Costretta fin dall’età di sedici anni su una sedia a rotelle a causa della rottura di una vertebra, in questo libro ha descritto il suo percorso di vita nei dieci mesi successivi all’incidente, facendolo questa volta con parole grintose, tenere e ironiche, parole di una donna che ha ormai piena consapevolezza della sua situazione e ne prende atto con fermezza d’animo e con la volontà di andare avanti, sempre e comunque, senza nostalgia, senza pensare a “come sarebbe stato”, senza rimpianti per ogni occasione persa ma, al contrario, concependo la difficoltà come un’occasione di rinascita o come fonte di risorse da scoprire.
Sono tante le testimonianze di persone che, a seguito di una disabilità acquisita, ci dimostrano che nonostante tutto si può continuare a vivere, ad amare, a fare progetti per il futuro. Le reazioni e i tempi necessari all’accettazione della nuova situazione sono però molto soggettivi. Molto spesso la reazione immediata è l’isolamento, la sfiducia, la rabbia, l’angoscia, sentimenti causati da un conflitto interiore generato da un’immagine di sé modificata. Infatti mentre l’immagine interiore rimane pressoché la stessa, quella esteriore non è più riconosciuta e la persona fatica ad accettarla. Il fatto di non riconoscersi più porta spesso a sentimenti di angoscia e paura di non essere accettati dalla società, in quanto la disabilità comporta necessariamente una compromissione della capacità di svolgere particolari attività.
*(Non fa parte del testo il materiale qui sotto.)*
(* For any $q\in(1,2)$, with conjugate exponent $p=q/(q-1)$, any $d$ and any $\varepsilon>0$, the $\ell_q$ mean estimation problem in $\mathbb R^d$ can be solved with error $\varepsilon$ by a statistical query algorithm using $2d\log d$ queries to $\mathrm{VSTAT}_D\big((16\log(d)/\varepsilon)^p\big)$.
   Context: For a distribution $D$ over a domain $\mathcal W$ and $n>0$, the oracle $\mathrm{VSTAT}_D(n)$, given any $\phi:\mathcal W\to[0,1]$, returns some value $v$ with $|v-p_\phi|\le\max\{1/n,\sqrt{p_\phi(1-p_\phi)/n}\}$, where $p_\phi=\mathbb E_{\mathbf w\sim D}[\phi(\mathbf w)]$; a statistical query algorithm accesses $D$ only through such calls. The $\ell_q$ mean estimation problem with error $\varepsilon$: given such oracle access to an unknown distribution $D$ supported on the unit $\ell_q$ ball $\mathcal B_q^d$, output $\tilde w\in\mathbb R^d$ with $\|\tilde w-\mathbb E_{\mathbf w\sim D}[\mathbf w]\|_q\le\varepsilon$. *)

From mathcomp Require Import all_boot all_order all_algebra.
From mathcomp Require Import all_classical all_reals all_analysis.
Set Implicit Arguments. Unset Strict Implicit. Unset Printing Implicit Defensive.
Import Order.TTheory GRing.Theory Num.Theory.
Local Open Scope ring_scope.
Local Open Scope classical_set_scope.

Definition lqnorm {R : realType} {d : nat} (q : R) (w : 'rV[R]_d) : R :=
  (\sum_(i < d) `|w ord0 i| `^ q) `^ q^-1.

Definition conj_exp {R : realType} (q : R) : R := q / (q - 1).

Definition log2 {R : realType} (x : R) : R := ln x / ln 2.

(* A distribution D over R^d is represented as the law of a random vector
   X : T -> 'rV[R]_d on a probability space (T, P) with measurable coordinates. *)
Definition rvec_measurable {dT : measure_display} {T : measurableType dT}
  {R : realType} {d : nat} (X : T -> 'rV[R]_d) : Prop :=
  forall i : 'I_d, measurable_fun setT (fun t => X t ord0 i).

Definition qexp {dT : measure_display} {T : measurableType dT} {R : realType}
  {d : nat} (P : probability T R) (X : T -> 'rV[R]_d) (phi : 'rV[R]_d -> R) : R :=
  fine (\int[P]_t (phi (X t))%:E)%E.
In alcuni casi di disabilità acquisita come una amputazione, l’ausilio di una protesi può ridurre almeno in parte gli impedimenti dati da una perduta autonomia personale. Questo aiuto però si scontra con la difficoltà che talvolta incontra la persona colpita da disabilità nel dover accettare il corpo estraneo, nel dover imparare ad usarlo e nel dover fare i conti con il disagio e l’imbarazzo a mostrarsi in pubblico, per paura di essere osservati ed etichettati come diversi. In questi casi il proprio corpo, anziché essere vissuto in maniera positiva come fonte di piacevoli percezioni e sensi, viene scisso dalla mente ed identificato come il luogo peculiare della menomazione e di conseguenza rifiutato.
Il percorso che si deve effettuare in questi casi è molto lungo e complesso, indirizzato alla riappropriazione del proprio corpo ed all’accettazione di sé. In queste situazioni è di fondamentale importanza il sostegno e la presenza della famiglia, la quale può operare affinché la persona riacquisti il più alto livello di autonomia possibile e ristabilisca la propria identità. Sono tanti coloro che riescono a trarre dalla propria disabilità delle lezioni di vita, scoprendo tutte le risorse nascoste che possono sfruttare per il loro graduale reinserimento nella società, attivandosi e partecipando talvolta in azioni solidali attraverso associazioni o servizi di volontariato.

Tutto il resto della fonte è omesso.